Contributors to the volume address a wide range of subjects and themes: from ancient archaeological remains and Victorian murals and cemeteries to contemporary documentaries and political cartoons. In so doing they draw on insights from disciplines which include archaeology, art history, theology, philosophy and cultural studies. Not only does the volume feature contributions from leading academics in these fields, it also highlights the voices of practitioners – including reflections from curators, architects and clergy.

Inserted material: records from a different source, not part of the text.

(* For every integer $n\ge 2$, $$\sum_{\substack{b\ge 1,\ k\ge 0\\ 2b+k=n}} \#\mathrm{SYT}^{+k}\big((b,b)\big) = \mathrm{Cat}(n-1),$$ where $\mathrm{Cat}(m)=\frac{1}{m+1}\binom{2m}{m}$ is the $m$-th Catalan number.
   Context: For a partition $\lambda$ of $N$ (identified with its Ferrers diagram, cells in matrix coordinates $(\text{row},\text{column})$) and an integer $k\ge 0$, $\mathrm{SYT}^{+k}(\lambda)$ denotes the set of set-valued standard Young tableaux of shape $\lambda$ with entries in $[N+k]$: fillings $S$ of the cells of $\lambda$ by nonempty sets of positive integers such that (1) the sets $S(u)$ form a set partition of $[N+k]$, and (2) whenever $u\neq v$ and $u$ is weakly north and weakly west of $v$, $\max S(u)<\min S(v)$. The shape $(b,b)$ is the $2\times b$ rectangle. *)

From mathcomp Require Import all_boot.
Set Implicit Arguments. Unset Strict Implicit. Unset Printing Implicit Defensive.

(* A partition lambda is a weakly decreasing seq nat of positive parts,
   lambda = [:: lambda_1; lambda_2; ...].  Its Ferrers diagram lives inside the
   bounding box 'I_(size lambda) * 'I_(lambda_1); cell (i,j) (0-based row i,
   column j) belongs to the diagram iff j < lambda_i. *)
Definition cellT (la : seq nat) : finType := ('I_(size la) * 'I_(head 0 la))%type.

Definition in_diagram (la : seq nat) (u : cellT la) : bool :=
  (u.2 : nat) < nth 0 la u.1.

(* Entries: the integer x+1 of [N+k] is encoded by x : 'I_(N+k)
   (order preserving, so comparisons are unaffected). *)
Definition entryT (la : seq nat) (k : nat) : finType := 'I_(sumn la + k).

(* Set-valued standard Young tableau of shape la with entries in [N+k]:
   a filling S of the cells by sets (S u = set0 off the diagram, so fillings
   are identified with functions on the diagram). *)
Definition is_svSYT (la : seq nat) (k : nat)
    (S : {ffun cellT la -> {set entryT la k}}) : bool :=
  [forall u, ~~ in_diagram u ==> (S u == set0)] &&
  [forall u, in_diagram u ==> (S u != set0)] &&
  [forall x, #|[set u | in_diagram u & x \in S u]| == 1] &&
  [forall u, forall v,
     [&& in_diagram u, in_diagram v, u != v,
         (u.1 <= v.1)%N & (u.2 <= v.2)%N] ==>
     [forall a, forall b, (a \in S u) && (b \in S v) ==> (a < b)%N]].

Definition nSVSYT (la : seq nat) (k : nat) : nat :=
  #|[set S : {ffun cellT la -> {set entryT la k}} | is_svSYT S]|.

In a welcome departure from many histories of London, and indeed other global cities, the book adopts a truly multicultural and multi-faith perspective. It explores London’s famous churches and cathedrals alongside mosques and gurdwaras, and situates works by modern Jewish artists in the company of Christian Old Masters. Visualising a Sacred City at last gives London – the site and subject of some of the world’s most inspiring religious creativity – the nuanced, wide-ranging study it deserves.